JTC Fund Solutions (Guernsey) Limited
Secretary
+44 (0) 1481 702400

5 October, 2023

Website: www.bgholdingltd.com

The Company is established as a closed-ended investment company domiciled in Guernsey. The Company has been authorised by the Guernsey Financial Services Commission as an authorised closed-ended investment scheme. The Company is registered with the Dutch Authority for the Financial Markets as a collective investment scheme pursuant to article 2:73 in conjunction with 2:66 of the Dutch Financial Supervision Act (Wet op het financieel toezicht). The shares of the Company (the "Shares") are listed on Euronext Amsterdam. The Shares are also listed on the Official List of the UK Listing Authority and admitted to trading on the London Stock Exchange plc's main market for listed securities.

This is not an offer to sell or a solicitation of any offer to buy any securities in the United States or in any other jurisdiction. This announcement is not intended to and does not constitute, or form part of, any offer or invitation to purchase any securities or the solicitation of any vote or approval in any jurisdiction, nor shall there be any sale, issuance or transfer of the securities referred to in this announcement in any jurisdiction in contravention of applicable law.
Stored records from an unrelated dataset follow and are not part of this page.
(* Standard Young tableau: entries all distinct (hence a bijection onto
   {0..n-1}, by cardinality), strictly increasing along each row (left to
   right) and along each column (top to bottom). *)
Definition is_SYT_rect (u v : nat) (f : rect_filling u v) : bool :=
  [&& injectiveb f,
      [forall i : 'I_v, forall j : 'I_u, forall j' : 'I_u,
          (j < j')%N ==> (f (i, j) < f (i, j'))%N] &
      [forall j : 'I_u, forall i : 'I_v, forall i' : 'I_v,
          (i < i')%N ==> (f (i, j) < f (i', j))%N]].

Definition num_SYT_rect (u v : nat) : nat :=
  #|[pred f : rect_filling u v | is_SYT_rect f]|.

(* The hook length formula gives n! = s^mu H, where H is the product of the hook
   lengths of the rectangle.  It is proved in Frobenius' form
   s^lam = m! Delta(l) / prod_i l_i!, with l_i = lam_i + v - 1 - i: the right-hand
   side obeys the branching rule s^lam = sum over corners c of s^(lam - c), which
   reduces to the Lagrange interpolation identity
   sum_i l_i prod_(j <> i) (l_i - l_j - 1) / (l_i - l_j) = sum_i l_i - C(v, 2).
   The hooks of a cell and of its mirror image through the centre of the rectangle
   have lengths summing to u + v, so AM-GM gives H <= ((u + v) / 2)^n, and
   n! > (n / e)^n concludes. *)

From Stdlib Require Import Reals Lra.
From mathcomp Require Import all_boot all_algebra zify ring.
Set Implicit Arguments. Unset Strict Implicit. Unset Printing Implicit Defensive.
Import GRing.Theory Num.Theory.

Definition is_corner (lam : nat -> nat) (a : nat) : bool := lam a.+1 < lam a.

Definition remove_cell (lam : nat -> nat) (a : nat) : nat -> nat :=
  fun i => if i == a then (lam a).-1 else lam i.

Lemma corner_gt0 lam a : is_corner lam a -> 0 < lam a.
Proof. exact: leq_ltn_trans. Qed.

Definition set_cell (t : nat -> nat -> nat) (a b x : nat) : nat -> nat -> nat :=
  fun i j => if (i == a) && (j == b) then x else t i j.

(* Row [i] of the diagram of [lam] consists of the cells [(i, j)] with [j < lam i];
   injectivity and the bound [m] make [t] a bijection onto [0, m) when [lam] has
   [m] cells. *)
Definition standard_tableau (lam : nat -> nat) (m : nat) (t : nat -> nat -> nat) :=
  [/\ forall i j, j < lam i -> t i j < m,
      forall i j j', j < j' -> j' < lam i -> t i j < t i j',
      forall i j, j < lam i.+1 -> t i j < t i.+1 j &
      forall i j i' j', j < lam i -> j' < lam i' -> t i j = t i' j' -> i = i' /\ j = j'].

Lemma remove_cell_ltn lam a i j : 0 < lam a ->
  (j < remove_cell lam a i) = (j < lam i) && ~~ ((i == a) && (j == (lam a).-1)).
Proof. by rewrite /remove_cell; case: eqP => [->|] /=; lia. Qed.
Neither the Company nor BG Master Fund ICAV have been, and neither will be, registered under the US Investment Company Act of 1940, as amended (the "Investment Company Act"). In addition the securities referenced in this announcement have not been and will not be registered under the US Securities Act of 1933, as amended (the "Securities Act"). Consequently any such securities may not be offered, sold or otherwise transferred within the United States or to, or for the account or benefit of, US persons except in accordance with the Securities Act or an exemption therefrom and under circumstances which will not require the issuer of such securities to register under the Investment Company Act. No public offering of any securities will be made in the United States.

You should always bear in mind that:

  • all investment is subject to risk;
  • results in the past are no guarantee of future results;
  • the investment performance of BGHL may go down as well as up. You may not get back all of your original investment; and
  • if you are in any doubt about the contents of this communication or if you consider making an investment decision, you are advised to seek expert financial advice.

This communication is for information purposes only and the information contained in this communication should not be relied upon as a substitute for financial or other professional advice.